What this task involves
Could you write out the lines below exactly, beginning with the first and finishing with the one that contains "repeat first"?

Data items
Lemma continuous_Rplus (f g : R -> R) t :
  continuous f t -> continuous g t -> continuous (fun s => f s + g s) t.
Proof. exact: continuous_plus. Qed.

Lemma continuous_Rminus (f g : R -> R) t :
  continuous f t -> continuous g t -> continuous (fun s => f s - g s) t.
Proof. exact: continuous_minus. Qed.

Lemma continuous_cos_freq (w t : R) : continuous (fun s => cos (w * s)) t.
Proof. by apply: ex_derive_continuous; auto_derive. Qed.

Lemma continuous_sin_freq (w t : R) : continuous (fun s => sin (w * s)) t.
Proof. by apply: ex_derive_continuous; auto_derive. Qed.

#[local] Hint Resolve harm_continuous continuous_cos_freq continuous_sin_freq : continuity.

(* Leaves are tried first and [continuous_Rminus] before [continuous_Rplus]: otherwise
   unification unfolds [harm] and [x - y] into shapes the leaves no longer match. *)
Ltac solve_continuous :=
  lazymatch goal with
  | |- forall t, continuous _ t => intro; solve_continuous
  | |- continuous _ _ =>
      repeat first
        [ solve [auto with continuity] | apply: continuous_const | apply: continuous_Rminus
        | apply: continuous_Rplus | apply: continuous_Rmult ]
  end.

Section Averages.

Variable a : R.
Hypothesis a_gt0 : 0 < a.

Lemma ex_RInt_period (f : R -> R) : (forall t, continuous f t) -> ex_RInt f 0 (2 * PI / a).
Proof. by move=> Cf; apply: ex_RInt_continuous => t _. Qed.

Lemma avg_ext (f g : R -> R) : (forall t, f t = g t) -> avg a f = avg a g.
Proof. by move=> E; rewrite /avg (RInt_ext f g) // => t _. Qed.

Lemma avg_plus (f g : R -> R) : (forall t, continuous f t) -> (forall t, continuous g t) ->
  avg a (fun t => f t + g t) = avg a f + avg a g.
Proof.
by move=> Cf Cg; rewrite /avg (RInt_plus f g) /plus /=; [ring | exact: ex_RInt_period ..].
Qed.

Lemma avg_scal (k : R) (f : R -> R) : (forall t, continuous f t) ->
  avg a (fun t => k * f t) = k * avg a f.
Proof.
by move=> Cf; rewrite /avg (RInt_scal f) /scal /= /mult /=; [ring | exact: ex_RInt_period].
Qed.

Lemma avg_const (k : R) : avg a (fun=> k) = k.
Proof. have := PI_RGT_0; rewrite /avg RInt_const /scal /= /mult /= => PI_gt0; field; lra. Qed.

Lemma avg_derive_periodic (F f : R -> R) :
  (forall t, is_derive F t (f t)) -> (forall t, continuous f t) ->
  F (2 * PI / a) = F 0 -> avg a f = 0.
Proof.
move=> DF Cf PF.
rewrite /avg (is_RInt_unique f 0 (2 * PI / a) (minus (F (2 * PI / a)) (F 0))).
- by rewrite PF /minus plus_opp_r Rmult_0_r.
- by apply: is_RInt_derive => t _.
Qed.

Lemma harm_periodic (k : Z) :
  cos (IZR k * a * (2 * PI / a)) = 1 /\ sin (IZR k * a * (2 * PI / a)) = 0.
Proof.
have -> : IZR k * a * (2 * PI / a) = 2 * (IZR k * PI) by field; lra.
have S : sin (IZR k * PI) = 0 by apply: sin_eq_0_1; exists k.
by rewrite cos_2a_sin sin_2a S; split; ring.
Qed.

Lemma avg_harm (k : Z) (z : C) : k <> 0%Z -> avg a (harm a k z) = 0.
Proof.
move=> /not_0_IZR k0.
apply: (avg_derive_periodic
          (fun t => 2 * (fst z * sin (IZR k * a * t) + snd z * cos (IZR k * a * t)) / (IZR k * a))).
- by move=> t; auto_derive; [|rewrite /harm; field; split; [lra|]].
- exact: harm_continuous.
- by case: (harm_periodic k) => -> ->; rewrite !Rmult_0_r sin_0 cos_0 Rmult_0_r.
Qed.

Lemma harm_0 (z : C) t : harm a 0 z t = 2 * fst z.
Proof. by rewrite /harm !Rmult_0_l cos_0 sin_0; ring. Qed.

Lemma harm_mul (j k : Z) (z w : C) t :
  harm a j z t * harm a k w t = harm a (j + k) (z * w)%C t + harm a (j - k) (z * Cconj w)%C t.
Proof.
rewrite /harm.
have -> : IZR (j + k) * a * t = IZR j * a * t + IZR k * a * t by rewrite plus_IZR; ring.
have -> : IZR (j - k) * a * t = IZR j * a * t - IZR k * a * t by rewrite minus_IZR; ring.
rewrite cos_plus sin_plus cos_minus sin_minus.
by case: z => p q; case: w => p' q'; rewrite /Cmult /Cconj /=; ring.
Qed.

Lemma harm_opp (k : Z) (z : C) t : harm a (- k) z t = harm a k (Cconj z) t.
Proof. by rewrite /harm opp_IZR !Ropp_mult_distr_l_reverse cos_neg sin_neg /Cconj /=; ring. Qed.

Lemma harm_plus (k : Z) (z w : C) t : harm a k (z + w)%C t = harm a k z t + harm a k w t.
Proof. by rewrite /harm /Cplus /=; ring. Qed.

Lemma cos_harm (k : Z) t : cos (IZR k * a * t) = harm a k (/ 2, 0) t.
Proof. by rewrite /harm /=; field. Qed.

Lemma sin_harm (k : Z) t : sin (IZR k * a * t) = harm a k (0, - / 2) t.
Proof. by rewrite /harm /=; field. Qed.

Lemma avg_harm_0 (z : C) : avg a (harm a 0 z) = 2 * fst z.
Proof. by rewrite (avg_ext _ (fun=> 2 * fst z)) ?avg_const // => t; rewrite harm_0. Qed.

Lemma avg_harm_mul_harm (j k : Z) (z w : C) : (j + k <> 0)%Z ->
  avg a (fun t => harm a j z t * harm a k w t) =
  if Z.eq_dec j k then 2 * fst (z * Cconj w)%C else 0.
Proof.
move=> jk0; rewrite (avg_ext _ _ (harm_mul j k z w)) avg_plus; try solve_continuous.
rewrite avg_harm //; case: Z.eq_dec => jk /=.
- by rewrite jk Z.sub_diag avg_harm_0 Rplus_0_l.
- by rewrite avg_harm ?Rplus_0_r //; lia.
Qed.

Exercise answer
Lemma continuous_Rplus (f g : R -> R) t :
  continuous f t -> continuous g t -> continuous (fun s => f s + g s) t.
Proof. exact: continuous_plus. Qed.

Lemma continuous_Rminus (f g : R -> R) t :
  continuous f t -> continuous g t -> continuous (fun s => f s - g s) t.
Proof. exact: continuous_minus. Qed.

Lemma continuous_cos_freq (w t : R) : continuous (fun s => cos (w * s)) t.
Proof. by apply: ex_derive_continuous; auto_derive. Qed.

Lemma continuous_sin_freq (w t : R) : continuous (fun s => sin (w * s)) t.
Proof. by apply: ex_derive_continuous; auto_derive. Qed.

#[local] Hint Resolve harm_continuous continuous_cos_freq continuous_sin_freq : continuity.

(* Leaves are tried first and [continuous_Rminus] before [continuous_Rplus]: otherwise
   unification unfolds [harm] and [x - y] into shapes the leaves no longer match. *)
Ltac solve_continuous :=
  lazymatch goal with
  | |- forall t, continuous _ t => intro; solve_continuous
  | |- continuous _ _ =>
      repeat first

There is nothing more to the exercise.